Since 2015, when NXP released its first dedicated automotive hardware security module that offered on-chip security for automotive applications, computer power has rapidly moved towards the now imminent quantum age. The speed at which quantum technology will be able to access current security passcode information—by attempting combinations of letters and numbers a hundred million times faster than currently possible—means that new security measures are obligatory.
PQC and SDVs
Post quantum cryptography (PQC) is a safeguard against quantum computers in SDVs. According to Brian Carlson, Global Marketing Director of Automotive Processing at NXP, the need for pre-emptive cryptography is primarily due to a massive technological transition. “The transfer from single-function electronic control units (ECUs) and box hardware to a completely software defined digital world is underway,” he tells Automotive World. Carlson cites the interplay between new modes of data delivery and access, actioned via cloud network computing, as both the enabler of and threat to technological advancement. And zonal architecture is a key issue.
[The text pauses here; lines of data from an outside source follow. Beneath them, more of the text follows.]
Lemma move_eq_col : move_eq (mxgraph 'I_n (Jplus n m (fun i j => C i j)))
  (mxgraph 'I_n (fin_rows_mx reg N_col)).
Proof.
have -> : Jplus n m (fun i j => C i j) = fin_rows_mx reg J_fin.
  by do 2 apply: functional_extensionality => ?; rewrite /Jplus /Jmx /fin_rows_mx /reg; case: ifP.
apply: (me_trans _ _ _ (@move_eq_add_col _ reg J_fin w v reg_w sing_v _)
                       (@move_eq_add_col _ reg (add_col J_fin w v) w v reg_w sing_v _)).
  by rewrite /J_fin eqxx.
by rewrite /add_col /J_fin eqxx.
Qed.

Lemma move_step_in1 : move_step (mxgraph 'I_n (fin_rows_mx reg N_col)) (mxgraph _ A_in1).
Proof.
apply: (@move_step_isplit _ _ _ w one_from_reg _ id id) => //.
- move=> x; rewrite /one_from_reg /fin_rows_mx; case: ifP => reg_x //=.
  by rewrite N_colE //; have := C_pos x w reg_x; lia.
- by move=> y; rewrite /fin_rows_mx reg_w.
- by exists w; rewrite /fin_rows_mx reg_w /= N_colE // eqxx; lia.
- by exists w; rewrite /one_from_reg reg_w.
- by exists v; rewrite /fin_rows_mx (negbTE sing_v).
Qed.

Lemma move_step_in2 : move_step (mxgraph _ A_in1) (mxgraph _ A_in2).
Proof.
apply: (@move_step_isplit _ _ _ (Some w) (fun x => one_from_reg (odflt w x)) _ id id) => //.
- move=> x; rewrite /A_in1 /osplit_mx /= /fin_rows_mx /one_from_reg.
  case: ifP => reg_x //=; rewrite N_colE // eqxx mul1n.
  by have := C_pos (odflt w x) w reg_x; have := C_pos (odflt w x) v reg_x; case: (_ == _) => /=; lia.
- by case=> [z|]; rewrite /A_in1 /osplit_mx /= /fin_rows_mx /one_from_reg reg_w //; case: ifP.
- by exists None; rewrite /A_in1 /osplit_mx /= /one_from_reg reg_w.
- by exists None; rewrite /one_from_reg reg_w.
- by exists (Some v); rewrite /A_in1 /osplit_mx /= /fin_rows_mx /one_from_reg (negbTE sing_v).
Qed.

Lemma move_step_merge : move_step (mxgraph _ A_merged) (mxgraph _ A_in2).
Proof.
have A_in2_col s : A_in2 s None = A_in2 s (Some None) by [].
apply: (@move_step_osplit _ _ A_merged None merged_row _ id id) => //.
- by move=> y; rewrite /A_merged merged_rowE /=; lia.
- by move=> y; rewrite merged_rowE.
- by exists None; rewrite merged_rowE.
- by exists None; rewrite /A_merged merged_rowE.
- move=> s t; rewrite /osplit_mx; case: s => [[x|]|] /=.
  + by case: t => [t|] //=; rewrite A_in2_col.
  + rewrite merged_rowE /= addnK -merged_rowE.
    by case: t => [t|] //=; rewrite A_in2_col.
  + by case: t => [t|] //=; rewrite A_in2_col.
Qed.

(* The row of the vertex split off from [v], minus its identity entry (in
   column [v]), equals the row of [w] minus its identity entry. *)
Definition new_row_entry (t : option 'I_n) : nat :=
  if t == Some w then merged_entry w t - 1
  else if t == Some v then merged_entry w t + 1 else merged_entry w t.

Definition A_final : option (option 'I_n) -> option (option 'I_n) -> xnat :=
  osplit_mx A_merged (Some v) (fun t => XFin (new_row_entry t)).

Definition final_reg (s : option (option 'I_n)) : bool :=
  if s is Some (Some x) then reg x else true.

Lemma merged_entry_ge {x} t : reg x -> 1 + (Some x == t) <= merged_entry x t.
Proof.
move=> reg_x; case: t => [z|] //=; rewrite (inj_eq Some_inj).
have := C_pos x z reg_x; have := C_pos x w reg_x; have := C_pos x v reg_x.
case: (eqVneq z w) => [->|z_w]; rewrite N_colE // ?eqxx ?(negbTE z_w).
  by case: (x == w) => /=; lia.
by case: (x == z) => /=; lia.
Qed.

Lemma new_row_entry_ge t : 1 <= new_row_entry t.
Proof.
rewrite /new_row_entry; case: eqP => [->|_].
  by have := merged_entry_ge (Some w) reg_w; rewrite eqxx /=; lia.
by case: ifP => _; have := merged_entry_ge t reg_w; case: (Some w == t) => /=; lia.
Qed.

Lemma new_row_entry_v : new_row_entry (Some v) = merged_entry w (Some v) + 1.
Proof. by rewrite /new_row_entry (inj_eq Some_inj) eq_sym (negbTE w_neq_v) eqxx. Qed.

Lemma A_final_oldE x t : A_final (Some (Some x)) t =
  if reg x then XFin (merged_entry x (odflt (Some v) t)) else XInf.
Proof.
rewrite /A_final /osplit_mx (inj_eq Some_inj).
by case: (eqVneq x v) => [->|_]; rewrite A_mergedE // (negbTE sing_v).
Qed.

Lemma A_final_mergedE t : A_final (Some None) t =
  XFin (merged_entry w (odflt (Some v) t) + merged_entry w (odflt (Some v) t)).
Proof. by rewrite /A_final /osplit_mx /= merged_rowE. Qed.

Lemma A_final_newE t : A_final None t = XFin (new_row_entry (odflt (Some v) t)).
Proof. by []. Qed.

Lemma A_final_sing s t : ~~ final_reg s -> A_final s t = XInf.
Proof. by case: s => [[x|]|] // sing_x; rewrite A_final_oldE ifN. Qed.

Lemma A_final_reg s t : final_reg s -> exists k, A_final s t = XFin k /\ 1 + (s == t) <= k.
Proof.
case: s => [[x|]|] reg_s.
- rewrite A_final_oldE ifT //; eexists; split; first reflexivity.
  case: t => [t|] /=; first by rewrite (inj_eq Some_inj); apply: merged_entry_ge.
  by apply: leq_trans (merged_entry_ge (Some v) reg_s); rewrite leq_add2l.
- rewrite A_final_mergedE; eexists; split; first reflexivity.
  by have := merged_entry_ge (odflt (Some v) t) reg_w; case: (_ == _) => /=; lia.
- rewrite A_final_newE; eexists; split; first reflexivity.
  case: t => [t|] /=; first exact: new_row_entry_ge.
  by rewrite new_row_entry_v; have := merged_entry_ge (Some v) reg_w; lia.
Qed.

Lemma A_final_merged_col s : final_reg s -> A_final s (Some None) = XFin (1 + (s == Some None)).
Proof. by case: s => [[x|]|] reg_s; rewrite ?A_final_oldE ?ifT ?A_final_mergedE. Qed.

Lemma A_final_rows_w_new t : final_reg t ->
  xval (A_final (Some (Some w)) t) - (Some (Some w) == t) = xval (A_final None t) - (None == t).
Proof.
have v_w : (v == w) = false by rewrite eq_sym (negbTE w_neq_v).
rewrite A_final_oldE A_final_newE reg_w; case: t => [[x|]|] reg_t /=.
- rewrite !(inj_eq Some_inj) /new_row_entry !(inj_eq Some_inj).
  case: (eqVneq x w) => [->|x_w]; first by rewrite /merged_entry eqxx /=; lia.
  have x_v : (x == v) = false by apply: contraNF sing_v => /eqP <-.
  by rewrite x_v /merged_entry (negbTE x_w) !subn0.
- by rewrite /new_row_entry.
- by rewrite new_row_entry_v /merged_entry v_w; lia.
Qed.

Lemma eq_w (x : 'I_n) : (x == w) = (x == 0 :> nat). Proof. by []. Qed.

(* Order of the vertices in [J + D]: the merged vertex, the regular vertices
   other than [w], then [w] and the vertex split off from [v], then the
   singular vertices. *)
Definition final_pos (s : option (option 'I_n)) : nat :=
  match s with
  | None => m.+1
  | Some None => 0
  | Some (Some x) => if x == w then m else if x < m then val x else x.+2
  end.
Definition final_index (s : option (option 'I_n)) : 'I_n.+2 := inord (final_pos s).
Definition final_vertex (i : 'I_n.+2) : option (option 'I_n) :=
  if i == 0 :> nat then Some None
  else if i < m then Some (Some (insubd w i))
  else if i == m :> nat then Some (Some w)
  else if i == m.+1 :> nat then None
  else Some (Some (insubd w (i - 2))).

Lemma final_indexE s : final_index s = final_pos s :> nat.
Proof.
rewrite inordK //; case: s => [[x|]|] //=; last by lia.
by have := ltn_ord x; case: ifP => _; [lia | case: ifP => _; lia].
Qed.

Lemma final_indexK : cancel final_index final_vertex.
Proof.
move=> s; rewrite /final_vertex final_indexE; case: s => [[x|]|] /=.
- rewrite eq_w; case: (eqVneq (x : nat) 0) => [x0|x_neq0].
    rewrite ifF ?ltnn ?eqxx; last by lia.
    by congr (Some (Some _)); apply: val_inj.
  case: ltnP => [x_lt|x_ge]; first by rewrite (negbTE x_neq0) x_lt valKd.
  by rewrite !ifF ?subn2 ?valKd //; lia.
- by [].
- by rewrite ltnNge leqnSn gtn_eqF ?eqxx.
Qed.

Lemma final_vertexK : cancel final_vertex final_index.
Proof.
move=> i; apply: ord_inj; rewrite final_indexE /final_vertex.
have i_lt := ltn_ord i.
case: (eqVneq (i : nat) 0) => [-> //|i_neq0].
case: ifP => i_m.
  have i_n : i < n by lia.
  by rewrite /= eq_w val_insubd i_n (negbTE i_neq0) i_m.
case: (eqVneq (i : nat) m) => [-> //|i_neq_m].
case: (eqVneq (i : nat) m.+1) => [-> //|i_neq_m1].
have i_n : i - 2 < n by lia.
by rewrite /= eq_w val_insubd i_n; case: ifP => ?; [lia | case: ifP => ?; lia].
Qed.

Lemma final_index_reg s : (final_index s < m.+2) = final_reg s.
Proof.
rewrite final_indexE; case: s => [[x|]|] //=; last by lia.
by rewrite eq_w /reg; case: ifP => x0; [|case: ifP => x_m]; lia.
Qed.

Lemma final_vertex_reg i : final_reg (final_vertex i) = (i < m.+2).
Proof. by rewrite -final_index_reg final_vertexK. Qed.

Lemma final_vertex_eq (i l : 'I_n.+2) : (final_vertex i == final_vertex l) = (i == l).
Proof. exact/inj_eq/can_inj/final_vertexK. Qed.

Definition Dmx : 'M[int]_n.+2 := \matrix_(i, l)
  (if i < m.+2 then Posz (xval (A_final (final_vertex i) (final_vertex l)) - (i == l)) else 0%R).

Lemma move_step_final : move_step (mxgraph _ A_merged)
  (mxgraph 'I_n.+2 (Jplus n.+2 m.+2 (fun i l => absz (Dmx i l)))).
Proof.
apply: (@move_step_osplit _ _ A_merged (Some v) (fun t => XFin (new_row_entry t)) _
  final_index final_vertex) => //.
- by move=> y; rewrite A_mergedE (negbTE sing_v).
- by exists None; rewrite /= /new_row_entry.
- by exists None; rewrite A_mergedE (negbTE sing_v).
- exact: final_indexK.
- exact: final_vertexK.
- move=> s t; rewrite /Jplus /Jmx mxE !final_indexK final_index_reg.
  rewrite (inj_eq (can_inj final_indexK)) -[osplit_mx _ _ _ s t]/(A_final s t).
  case: (boolP (final_reg s)) => reg_s; last by rewrite A_final_sing.
  by have [k [-> k_ge]] := A_final_reg s t reg_s; congr XFin; rewrite /=; lia.
Qed.

Lemma move_eq_Dmx : move_eq_mx n n.+2 (Jplus n m (fun i j => C i j))
  (Jplus n.+2 m.+2 (fun i l => absz (Dmx i l))).
Proof.
apply: (me_trans _ _ _ move_eq_col).
apply: (me_trans _ _ _ (me_step _ _ move_step_in1)).
apply: (me_trans _ _ _ (me_step _ _ move_step_in2)).
apply: (me_trans _ _ _ (me_sym _ _ (me_step _ _ move_step_merge))).
exact: me_step move_step_final.
Qed.

Lemma Dmx_sing_rows (i l : 'I_n.+2) : m.+2 <= i -> Dmx i l = 0%R.
Proof. by move=> i_ge; rewrite mxE ltnNge i_ge. Qed.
Zonal architecture—in this case specific vehicle areas representing independently functioning elements—underpins easy scalability on a software driven network. As opposed to deploying numerous discrete ECUs to integrate various electronic elements, SDVs accommodate a single easily updatable software layer which interacts with hardware via a central processor to carry out adjustments and updates. Yet the separation that allows such seamless interoperability also means each distinct element is particularly vulnerable to attack.
The transfer from single-function electronic control units (ECUs) and box hardware to a completely software defined digital world is underway
To cite a worrying example, an SDV hack could involve the direct sabotage of brake sensor electronics or safety function. Such potential scenarios exemplify the vital need for quantum-ready cryptography. “The S32G processor, harnessing the Dilithium algorithm, is ready for such eventualities,” says Carlson. “It can solve zonal architecture issues through central compute, protect domain controllers and end nodes with a consistent security architecture. This is augmented by our hardware security engine (HSE), a security subsystem that allows us to support PQC.” The HSE represents an intermediary gateway between the vehicle and external systems. “Security is paramount to maintain that separation,” Carlson adds. “To facilitate that, separate vendors will deploy additional real time intrusion detection prevention systems.”
The full PQC option outlined will be available from next year. “New public e-standards feature a promise to resist quantum attacks. These give us a concrete timeline to work alongside to prepare for a new era in cryptography,” says Bos. Nobody knows exactly what that new era will look like, but standing still and waiting to find out is not an option. Perpetual cryptographic improvements will be necessary to enable SDVs, and driver safety will increasingly depend on evolving algorithms. Carmakers as well as drivers will need reassurance as they make the leap into a new automotive landscape. “OEMs need to know that scalable PQC security will protect them across multi-billion platform decisions,” Carlson concludes. “Data is really critical, and we have to protect it.”